La ville et le livre: existe-t-il des objets infinis ?

Un livre, évidemment, n’est pas une ville, à moins qu’il en soit une.

Tous deux sont des masses de temps coexistant dans l’espace. Des nasses de temps, consistantes et persistantes. Des nappes de temps, tassées, tissées. Des phases, des phrases, mais toujours des « plus que plans ». Car jamais ville ou livre ne se résumeront sans perte au plat quadrillage d’un plan. La foule des passes et des passages inonde, innerve et déborde toute carte. C’est par la prolifération des plans qu’un objet se trouve prolixe au point  d’être infini. Par circonvolution. Une chose est portée à l’infini quand chacun peut y entrer et y tourner comme dans un cerveau. L’inépuisable, en un sens, est une fête. Chaque dé, pour la patience, est aussi grand qu’internet. C’est pourquoi je parie que Dieu joue aux dés, un peu comme il doit lire nos villes : avec une certaine envie.

Je parie que Dieu, s’il avait eu le choix, aurait été un lecteur, ou un promeneur.

32 réflexions sur “La ville et le livre: existe-t-il des objets infinis ?

  1. Vous aimez donc lire et vous promener!🙂

    Le titre a de suite titillé ma curiosité. Après votre phrase: citation de votre article: « c’est par la prolifération des plans qu’un objet se trouve prolixe au point d’être infini », je me suis précipitée pour commenter mais … il m’a semblé que premièrement terminer de lire votre article était « raisonnable ». Depuis, je ne sais plus ce que je souhaitais dire! Ha si,évidement, je souhaitais parler « mon » livre, évidement! Celui qui est infini, et qui comme vous le dites si bien, ne peux se « vivre », dont on ne peut se délecter et en voir quelques unes de ses facette au travers d’un plan … Vous pariez beaucoup de chose à propos de Dieu! De mon coté, je pense que nos villes fassent envie à Dieu.

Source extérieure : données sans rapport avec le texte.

(* Let $F:\mathbb{R}^n\rightrightarrows\mathbb{R}^n$ be a set-valued map, consider the differential inclusion $\dot x\in F(x)$, $x\in\mathbb{R}^n$, and let $X_o,X_u\subset\mathbb{R}^n$. If there exists a lower semicontinuous time-varying barrier function candidate $B:\mathbb{R}_{\geq 0}\times\mathbb{R}^n\to\mathbb{R}$ for safety with respect to $(X_o,X_u)$ that satisfies property $(\star\star)$, then the system $\dot x\in F(x)$ is safe with respect to $(X_o,X_u)$.
   Context: A solution of $\dot x\in F(x)$ starting from $x_o$ is a locally absolutely continuous function $\phi:\operatorname{dom}\phi\to\mathbb{R}^n$, where $\operatorname{dom}\phi$ is $[0,T]$ or $[0,T)$ for some $T\in[0,\infty]$, with $\phi(0)=x_o$ and $\dot\phi(t)\in F(\phi(t))$ for almost all $t\in\operatorname{dom}\phi$. The system is safe with respect to $(X_o,X_u)$ if every solution $\phi$ starting from any $x_o\in X_o$ satisfies $\phi(t)\notin X_u$ for all $t\in\operatorname{dom}\phi$. A time-varying barrier function candidate for safety with respect to $(X_o,X_u)$ is a function $B:\mathbb{R}_{\geq0}\times\mathbb{R}^n\to\mathbb{R}$ with $B(t,x)>0$ for all $(t,x)\in\mathbb{R}_{\geq0}\times X_u$ and $B(t,x)\le 0$ for all $(t,x)\in\mathbb{R}_{\geq0}\times X_o$. Let $K:=\{(t,x)\in\mathbb{R}_{\geq0}\times\mathbb{R}^n: B(t,x)\le 0\}$, with interior $\operatorname{int}(K)$ taken in $\mathbb{R}_{\geq0}\times\mathbb{R}^n$. Property $(\star\star)$: there is an open neighborhood $U(K)$ of $K$ such that, along each solution of $\dot x\in F(x)$ considered in the extended time–state space (i.e., along each solution of $(\dot t,\dot x)\in\{1\}\times F(x)$) starting from a point of $U(K)\setminus\operatorname{int}(K)$ and remaining in $U(K)\setminus\operatorname{int}(K)$ on a time interval, the map $t\mapsto B(t,\phi(t))$ is nonincreasing on that interval. *)

From HB Require Import structures.
From mathcomp Require Import all_boot all_order all_algebra.
From mathcomp Require Import all_classical all_reals all_analysis.
Set Implicit Arguments. Unset Strict Implicit. Unset Printing Implicit Defensive.
Import Order.TTheory GRing.Theory Num.Theory.
Import numFieldNormedType.Exports.
Local Open Scope classical_set_scope.
Local Open Scope ring_scope.

Section Defs.
Variables (R : realType) (n : nat).
Notation V := 'rV[R]_n.

Definition abs_cont_on (f : R -> V) (a b : R) : Prop :=
  forall eps : R, 0 < eps -> exists2 delta : R, 0 < delta &
    forall (k : nat) (u v : nat -> R),
      (forall i, (i < k)%N -> a <= u i /\ u i <= v i /\ v i <= b) ->
      (forall i j, (i < k)%N -> (j < k)%N -> i <> j -> v i <= u j \/ v j <= u i) ->
      \sum_(i < k) (v i - u i) < delta ->
      \sum_(i < k) `| f (v i) - f (u i) | < eps.

Definition loc_abs_cont (f : R -> V) (D : set R) : Prop :=
  forall a b, a <= b -> [set` `[a, b]] `<=` D -> abs_cont_on f a b.

Definition sol_domain (D : set R) : Prop :=
  (exists T : R, 0 <= T /\ (D = [set` `[0, T]] \/ D = [set` `[0, T[])) \/ D = [set` `[0, +oo[].

(* phi : dom -> R^n is a solution of xdot in F(x) starting from x0;
   phi is given as a total function, only its values on dom matter. *)
Definition is_solution (F : V -> set V) (x0 : V) (phi : R -> V) (dom : set R)
  : Prop :=
  [/\ sol_domain dom, loc_abs_cont phi dom, phi 0 = x0 &
      exists N : set R, (@lebesgue_measure R).-negligible N /\
        forall t, dom t -> ~ N t -> derivable phi t 1 /\ F (phi t) ('D_1 phi t)].

Definition safe (F : V -> set V) (Xo Xu : set V) : Prop :=
  forall x0 phi dom, Xo x0 -> is_solution F x0 phi dom ->
    forall t, dom t -> ~ Xu (phi t).

Definition barrier_candidate (B : R -> V -> R) (Xo Xu : set V) : Prop :=
  (forall t x, 0 <= t -> Xu x -> 0 < B t x) /\
  (forall t x, 0 <= t -> Xo x -> B t x <= 0).

(* the ambient space R_{>=0} x R^n (subset of R x R^n, subspace topology) *)
Definition Hspace : set (R * V) := [set p | 0 <= p.1].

J’imagine bien que vous provoquiez un peu les réactions de vos lecteurs!🙂 J’aime mieux votre autre « réponse », je vous cite: La foule des passes et des passages inonde, innerve et déborde toute carte, bien que j’avoue la comprendre « instinctivement » car je ne suis pas habituée à l’utilisation d’innerve, Après avoir lu la fin, (les dès), je me suis représentée des cartes à jouer. Votre phrase en elle-même est infinie à lire, infinie en suggestions directes et indirectes (délibérées, ou/et à la guise du lecteur) ….. vous ouvrez de grandes portes ………….aussi, je relèverais votre pari, pour croire que Dieu regarde nos villes avec une infinité de « regards » … mais pas celui de l’envie! Quand à Dieu qui n’a pas le choix ….. je vous écrirais bien un chapitre entier en commentaire!!!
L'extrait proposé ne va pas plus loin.